One of the most common weight loss tips I know states that you need to eat 5 – 6 meals a day in order to lose weight faster. The idea is that eating more meals gives you more metabolism boosts during the day, because your body has to use energy to process the food that you eat.
But is this true? Does a higher meal frequency really boosts metabolism or is this all a myth?
I decided to take a look at what the research has to say about this issue and to discover once and for all whether eating your calories in more meals really increases the amount of calories that you burn.
First Study
In this study, 8 people were given put on an eating plan with the same composition of macronutrients (fat, protein, carbs). There was one difference. One group of people ate the entire calorie amount in a single meal. The others ate it spread through 5 meals.
It should be noted that this was a calorie deficit experiment so all of the 8 subjects were supposed to lose weight. You would expect that the people who ate 5 meals would lose more weight than those who ate a single one, as the latter should have gotten a metabolism boost from the higher meal frequency.
However, the results dispel this myth. There was little to no difference in the weight loss achieved by both groups of people. Tests to measure their expenditure of energy showed little difference as well. There was simply no difference between these two groups of people. The number of meals changed nothing. You can read more about this study here.
Second Study
The second study that looked at the question of meal frequency and its effect on metabolism examined 16 obese subjects, 8 men and 8 women.
The 16 individuals were divided into two groups. Everyone got the same amount of calories a day for 8 weeks. This was, again, a calorie deficit eating plan.
The 16 individuals were divided into two groups. One group of people ate their calories in 3 meals. The others ate them in 3 meals and 3 snacks.
At the end of the 8 week study, all the subjects were tested to see whether there was a difference in weight loss and energy expenditure. There was none. No differences were noted in metabolism or appetite control between the two groups. The people who ate 6 meals a day did NOT lose weight faster than those who ate 3. The amount of calories was what mattered, not the number of meals these calories were eaten in. Read the actual abstract of the study here
Third Study
In this third study, a different meal pattern was examined: 2 meals vs. 7 meals a day. This is often referred to as the gorging pattern vs. the nibbling (or grazing) pattern.
The idea in this study was to measure how different meal frequency affected the way men made use of the nutrients they were fed. I won’t go into the full results of this study, though it may warrant an article on its own. Suffice it to say that there was NO difference in the energy expenditure of those who ate two meals a day and those who had seven. Read about the study here.
Conclusions
The idea that eating 5 – 6 meals a day will somehow boost your metabolism is a myth. It is based on theory and not on research. As I showed you, there are numerous studies that show that this is a false notion.
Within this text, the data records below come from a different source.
Fixpoint prod_mpow (n : nat) (p : nat -> R) (a : nat -> nat) : (R -> R) -> Prop :=
  match n with
  | O => Can
  | S m => idmul (prod_mpow m p a) (idpow (mideal (p m)) (a m))
  end.

Fixpoint nsum (n : nat) (a : nat -> nat) : nat :=
  match n with
  | O => 0%nat
  | S m => (nsum m a + a m)%nat
  end.

Definition principal_ideal (I : (R -> R) -> Prop) : Prop :=
  exists g : R -> R, Can g /\
    forall f : R -> R, I f <-> exists h : R -> R, Can h /\ forall x, f x = g x * h x.

(* The function s_p(x) = sin((x - p)/2) is real-analytic, vanishes to first order
   exactly on p + 2 pi Z and satisfies s_p(x + 2 pi) = - s_p(x).  Dividing by it shows
   that m_p = s_p . A_1, where A_N denotes the real-analytic h with
   h(x + 2 pi) = (-1)^N h(x).  These modules multiply as A_M A_N = A_(M+N): when M and
   N are both odd, write h = (h c) c + (h s) s with c = cos(x/2), s = sin(x/2) in A_1.
   Hence m_(p_1)^(a_1) ... m_(p_n)^(a_n) = G . A_N with G = prod s_(p_i)^(a_i) and
   N = sum a_i, and for N even A_N = C_an(S^1), so the ideal is generated by G. *)

From Stdlib Require Import Reals Lra Lia ZArith FunctionalExtensionality.
From Coquelicot Require Import Coquelicot.
Open Scope R_scope.

Definition analytic_at (f : R -> R) (x0 : R) : Prop :=
  exists (c : nat -> R) (r : R), 0 < r /\ Rbar_le r (CV_radius c) /\
    forall x, Rabs (x - x0) < r -> f x = PSeries c (x - x0).

Definition analytic (f : R -> R) : Prop := forall x0, analytic_at f x0.

Lemma Rbar_lt_CV_radius (c : nat -> R) (r y : R) :
  Rbar_le r (CV_radius c) -> Rabs y < r -> Rbar_lt (Rabs y) (CV_radius c).
Proof. intros Hr Hy. exact (Rbar_lt_le_trans (Rabs y) r _ Hy Hr). Qed.

Lemma ex_pseries_bounded_terms (c : nat -> R) (t : R) :
  ex_pseries c t -> exists M, forall n, Rabs (c n * t ^ n) <= M.
Proof.
  intros [l Hl].
  destruct (filterlim_bounded (fun n => c n * t ^ n)) as [M HM].
  { exists 0. apply ex_series_lim_0. exists l.
    apply is_series_ext with (2 := Hl). intros n.
    rewrite pow_n_pow. apply Rmult_comm. }
  exists M. exact HM.
Qed.

Lemma CV_radius_ge (c : nat -> R) (r : R) :
  (forall t, 0 <= t < r -> ex_pseries c t) -> Rbar_le r (CV_radius c).
Proof.
  intros Hc.
  assert (Hle : forall t, 0 <= t < r -> Rbar_le t (CV_radius c)).
  { intros t Ht. apply (proj1 (CV_radius_bounded c)).
    exact (ex_pseries_bounded_terms c t (Hc t Ht)). }
  destruct (Rle_lt_dec r 0) as [Hr | Hr].
  { apply Rbar_le_trans with 0; [simpl; exact Hr | apply CV_radius_ge_0]. }
  destruct (CV_radius c) as [R0 | |] eqn:ER; simpl; [| exact I |].
  - apply Rnot_lt_le. intros HR.
    assert (H0 : Rbar_le 0 R0) by (rewrite <- ER; apply CV_radius_ge_0).
    simpl in H0. specialize (Hle ((R0 + r) / 2) ltac:(lra)). simpl in Hle. lra.
  - specialize (Hle 0 ltac:(lra)). exact Hle.
Qed.

Lemma analytic_at_PSeries (c : nat -> R) (r x0 : R) :
  0 < r -> Rbar_le r (CV_radius c) -> analytic_at (fun x => PSeries c (x - x0)) x0.
Proof. intros Hr Hc. exists c, r. repeat split; auto. Qed.

Lemma real_analytic_analytic (f : R -> R) : real_analytic f <-> analytic f.
Proof.
  split.
  - intros Hf x0. destruct (Hf x0) as [r [Hr [c Hc]]].
    assert (Hsum : forall x, Rabs (x - x0) < r -> is_pseries c (x - x0) (f x)).
    { intros x Hx. apply is_pseries_Reals. exact (Hc x Hx). }
    exists c, r. split; [exact Hr |]. split.
    + apply CV_radius_ge. intros t Ht. exists (f (x0 + t)).
      assert (Ht' : Rabs (x0 + t - x0) < r)
        by (replace (x0 + t - x0) with t by ring; rewrite Rabs_pos_eq; lra).
      pose proof (Hsum _ Ht') as H. replace (x0 + t - x0) with t in H by ring. exact H.
    + intros x Hx. symmetry. apply is_pseries_unique, Hsum, Hx.
  - intros Hf x0. destruct (Hf x0) as [c [r [Hr [Hc Heq]]]].
    exists r. split; [exact Hr |]. exists c. intros x Hx.
    rewrite Heq by exact Hx. apply is_pseries_Reals, PSeries_correct, CV_radius_inside.
    exact (Rbar_lt_CV_radius c r _ Hc Hx).
Qed.

Lemma analytic_at_locally (f g : R -> R) (x0 : R) :
  analytic_at f x0 -> (exists r, 0 < r /\ forall x, Rabs (x - x0) < r -> g x = f x) ->
  analytic_at g x0.
Proof.
  intros [c [r [Hr [Hc Hf]]]] [r' [Hr' Hg]].
  pose proof (Rmin_l r r'); pose proof (Rmin_r r r').
  exists c, (Rmin r r'). split; [apply Rmin_pos; lra |]. split.
  - apply Rbar_le_trans with r; [simpl; lra | exact Hc].
  - intros x Hx. rewrite Hg by lra. apply Hf; lra.
Qed.

Lemma is_pseries_of_constant (u : nat -> R) (x : R) :
  (forall n, u (S n) = 0) -> is_pseries u x (u 0%nat).
Proof.
  intros Hu. apply is_pseries_Reals. intros eps Heps. exists 0%nat. intros n _.
  replace (sum_f_R0 (fun i => u i * x ^ i) n) with (u 0%nat).
  - unfold Rdist. rewrite Rminus_diag, Rabs_R0. exact Heps.
  - induction n; simpl; [ring | rewrite Hu, <- IHn; ring].
Qed.

Lemma analytic_at_const (k x0 : R) : analytic_at (fun _ => k) x0.
Proof.
  set (c := fun n : nat => match n with O => k | S _ => 0 end).
  assert (Hc : forall y, is_pseries c y k) by (intros y; now apply is_pseries_of_constant).
  exists c, 1. split; [lra |]. split.
  - apply CV_radius_ge. intros t _. exists k. apply Hc.
  - intros x _. symmetry. apply is_pseries_unique, Hc.
Qed.

Lemma analytic_at_plus (f g : R -> R) (x0 : R) :
  analytic_at f x0 -> analytic_at g x0 -> analytic_at (fun x => f x + g x) x0.
Proof.
  intros [c [r [Hr [Hc Hf]]]] [d [s [Hs [Hd Hg]]]].
  pose proof (Rmin_l r s); pose proof (Rmin_r r s).
  assert (Hcd : forall y, Rabs y < Rmin r s ->
    ex_pseries c y /\ ex_pseries d y).
  { intros y Hy. split; apply CV_radius_inside;
      [apply (Rbar_lt_CV_radius _ r) | apply (Rbar_lt_CV_radius _ s)]; auto; lra. }
  exists (PS_plus c d), (Rmin r s). split; [apply Rmin_pos; lra |]. split.
  - apply CV_radius_ge. intros t Ht.
    destruct (Hcd t) as [H1 H2]; [rewrite Rabs_pos_eq; lra |].
    exact (ex_pseries_plus c d t H1 H2).
  - intros x Hx. destruct (Hcd (x - x0) Hx) as [H1 H2].
    rewrite PSeries_plus, Hf, Hg by (assumption || lra). reflexivity.
Qed.

Lemma analytic_at_mult (f g : R -> R) (x0 : R) :
  analytic_at f x0 -> analytic_at g x0 -> analytic_at (fun x => f x * g x) x0.
Proof.
  intros [c [r [Hr [Hc Hf]]]] [d [s [Hs [Hd Hg]]]].
  pose proof (Rmin_l r s); pose proof (Rmin_r r s).
  assert (Hcd : forall y, Rabs y < Rmin r s ->
    Rbar_lt (Rabs y) (CV_radius c) /\ Rbar_lt (Rabs y) (CV_radius d)).
  { intros y Hy. split; [apply (Rbar_lt_CV_radius _ r) | apply (Rbar_lt_CV_radius _ s)]; auto; lra. }
  exists (PS_mult c d), (Rmin r s). split; [apply Rmin_pos; lra |]. split.
  - apply CV_radius_ge. intros t Ht.
    destruct (Hcd t) as [H1 H2]; [rewrite Rabs_pos_eq; lra |].
    exact (ex_pseries_mult c d t H1 H2).
  - intros x Hx. destruct (Hcd (x - x0) Hx) as [H1 H2].
    rewrite PSeries_mult, Hf, Hg by (assumption || lra). reflexivity.
Qed.

Lemma analytic_at_slope (f : R -> R) (x0 : R) : analytic_at f x0 ->
  exists F, analytic_at F x0 /\ is_derive f x0 (F x0) /\
    exists r, 0 < r /\ forall x, Rabs (x - x0) < r -> f x = f x0 + (x - x0) * F x.
Proof.
  intros [c [r [Hr [Hc Hf]]]].
  assert (Hin : forall x, Rabs (x - x0) < r -> Rbar_lt (Rabs (x - x0)) (CV_radius c))
    by (intros x; apply Rbar_lt_CV_radius, Hc).
  assert (Hx0 : Rabs (x0 - x0) < r) by (rewrite Rminus_diag, Rabs_R0; exact Hr).
  assert (Hfx0 : f x0 = c 0%nat) by (rewrite Hf, Rminus_diag by exact Hx0; apply PSeries_0).
  exists (fun x => PSeries (PS_decr_1 c) (x - x0)). split; [| split].
  - apply analytic_at_PSeries with r; [exact Hr | now rewrite CV_radius_decr_1].
  - rewrite Rminus_diag, PSeries_0.
    apply is_derive_ext_loc with (fun x => PSeries c (x - x0)).
    { exists (mkposreal r Hr). intros y Hy. symmetry. apply Hf, Hy. }
    replace (PS_decr_1 c 0%nat) with (1 * PSeries (PS_derive c) (x0 - x0)).
    + apply (is_derive_comp (PSeries c) (fun x => x - x0)).
      * apply is_derive_PSeries, Hin, Hx0.
      * auto_derive; [exact I | ring].
    + rewrite Rminus_diag, PSeries_0. unfold PS_derive, PS_decr_1. simpl. ring.
  - exists r. split; [exact Hr |]. intros x Hx.
    rewrite Hf, Hfx0 by exact Hx. apply PSeries_decr_1, CV_radius_inside, Hin, Hx.
Qed.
You won’t lose weight simply by eating more meals. Some people who like to eat just two big meals will do just as fine as long as you all eat the same number of calories and be as active as each other. As John Barban, a fitness trainer I recently interviewed told me, the best thing is to fit your diet into your lifestyle. This will make it a natural part of your routine and you’ll be more likely to succeed with it.
Don’t believe that eating more often will somehow make you drop pounds as if by magic. Research shows that it is simply not the case.
This doesn’t mean that eating 5 – 6 meals a day is bad or doesn’t have other benefits. What it does mean is that there is no direct connection to a higher calorie burning when your meal frequency is higher. This is simply a myth.